- Working data

Lemma lift_tight_off g h M : is_lift g h ->
  (forall i : 'I_N, dotv c (pt i) < d -> ratio a b (pt i) <= M) ->
  (exists i : 'I_N, dotv c (pt i) < d /\ ratio a b (pt i) = M) ->
  forall i : 'I_N, dotv c (pt i) < d -> (dotv g (pt i) = h <-> ratio a b (pt i) = M).
Proof.
move=> Hg M_max M_hit; have [gh g_facet [u [cu gu]]] := Hg.
have Ju : off_facet_tight g h u by rewrite /off_facet_tight cu gu eqxx.
have uM : ratio a b (pt u) = M.
  apply/eqP; rewrite eq_le M_max //; have [i [ci <-]] := M_hit.
  exact: lift_ratio_max Hg Ju i ci.
have [k [e [Hk k_off]]] := @tilt_lift a b M (fun l _ => conj (Ha l) (iff_refl _)) M_max M_hit.
have Jk (l : 'I_N) : dotv c (pt l) < d -> ratio a b (pt l) = M -> off_facet_tight k e l.
  by move=> cl lM; rewrite /off_facet_tight cl (iffRL (k_off l cl) lM) eqxx.
move=> i ci; split=> [gi|iM].
  rewrite -uM; apply: lift_ratio_eq Hg (fun _ ak => ak) _ Ju.
  by rewrite /off_facet_tight ci gi eqxx.
have ru0 : ratio g h (pt u) = 0 by rewrite /ratio gu subrr mul0r.
have g_F (l : 'I_N) : dotv a (pt l) = b -> dotv g (pt l) = h.
  by move=> a_l; apply/(g_facet l (a_facet a_l)).
apply: (ratio_eq0 ci); rewrite -ru0.
exact: lift_ratio_eq Hk g_F (Jk i ci iM) (Jk u cu uM).
Qed.

Lemma unique_lift : (exists i : 'I_N, dotv c (pt i) < d) ->
  exists F', [/\ is_face (conv V) F', ~ seteq F' (hface V a b),
    seteq (psetI F' (hface V c d)) (hface V a b) &
    forall G, is_face (conv V) G -> ~ seteq G (hface V a b) ->
      seteq (psetI G (hface V c d)) (hface V a b) -> seteq G F'].
Proof.
move=> [i0 ci0].
have [istar cstar star_max] := @arg_maxP _ _ _ i0 (fun i : 'I_N => dotv c (pt i) < d)
  (fun i => ratio a b (pt i)) ci0.
set M := ratio a b (pt istar) in star_max.
have M_hit : exists i : 'I_N, dotv c (pt i) < d /\ ratio a b (pt i) = M by exists istar.
have [k [e [Hk _]]] := @tilt_lift a b M (fun l _ => conj (Ha l) (iff_refl _)) star_max M_hit.
exists (hface V k e); split; [by case: Hk => ke _ _; exact: hface_face|
  exact: lift_neq|exact: lift_meet|].
move=> G G_face G_neq G_meet; have [g [h [Hg EG]]] := face_lift G_face G_meet G_neq.
move=> x; rewrite (EG x); move: x; have [gh g_facet _] := Hg; have [ke k_facet _] := Hk.
apply: hface_eq => // i; have := Hc i; rewrite le_eqVlt => /predU1P [ci|ci].
  by rewrite g_facet // k_facet.
by rewrite (lift_tight_off Hg star_max M_hit ci) (lift_tight_off Hk star_max M_hit ci).
Qed.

- Problem to solve
Return only the part of the records above that opens with the line containing "apply/eqP; rewrite eq_le" and closes with the line containing "by rewrite g_facet // k_facet.", ends included.

- Exercise output
  apply/eqP; rewrite eq_le M_max //; have [i [ci <-]] := M_hit.
  exact: lift_ratio_max Hg Ju i ci.
have [k [e [Hk k_off]]] := @tilt_lift a b M (fun l _ => conj (Ha l) (iff_refl _)) M_max M_hit.
have Jk (l : 'I_N) : dotv c (pt l) < d -> ratio a b (pt l) = M -> off_facet_tight k e l.
  by move=> cl lM; rewrite /off_facet_tight cl (iffRL (k_off l cl) lM) eqxx.
move=> i ci; split=> [gi|iM].
  rewrite -uM; apply: lift_ratio_eq Hg (fun _ ak => ak) _ Ju.
  by rewrite /off_facet_tight ci gi eqxx.
have ru0 : ratio g h (pt u) = 0 by rewrite /ratio gu subrr mul0r.
have g_F (l : 'I_N) : dotv a (pt l) = b -> dotv g (pt l) = h.
  by move=> a_l; apply/(g_facet l (a_facet a_l)).
apply: (ratio_eq0 ci); rewrite -ru0.
exact: lift_ratio_eq Hk g_F (Jk i ci iM) (Jk u cu uM).
Qed.

Lemma unique_lift : (exists i : 'I_N, dotv c (pt i) < d) ->
  exists F', [/\ is_face (conv V) F', ~ seteq F' (hface V a b),
    seteq (psetI F' (hface V c d)) (hface V a b) &
    forall G, is_face (conv V) G -> ~ seteq G (hface V a b) ->
      seteq (psetI G (hface V c d)) (hface V a b) -> seteq G F'].
Proof.
move=> [i0 ci0].
have [istar cstar star_max] := @arg_maxP _ _ _ i0 (fun i : 'I_N => dotv c (pt i) < d)
  (fun i => ratio a b (pt i)) ci0.
set M := ratio a b (pt istar) in star_max.
have M_hit : exists i : 'I_N, dotv c (pt i) < d /\ ratio a b (pt i) = M by exists istar.
have [k [e [Hk _]]] := @tilt_lift a b M (fun l _ => conj (Ha l) (iff_refl _)) star_max M_hit.
exists (hface V k e); split; [by case: Hk => ke _ _; exact: hface_face|
  exact: lift_neq|exact: lift_meet|].
move=> G G_face G_neq G_meet; have [g [h [Hg EG]]] := face_lift G_face G_meet G_neq.
move=> x; rewrite (EG x); move: x; have [gh g_facet _] := Hg; have [ke k_facet _] := Hk.
apply: hface_eq => // i; have := Hc i; rewrite le_eqVlt => /predU1P [ci|ci].
  by rewrite g_facet // k_facet.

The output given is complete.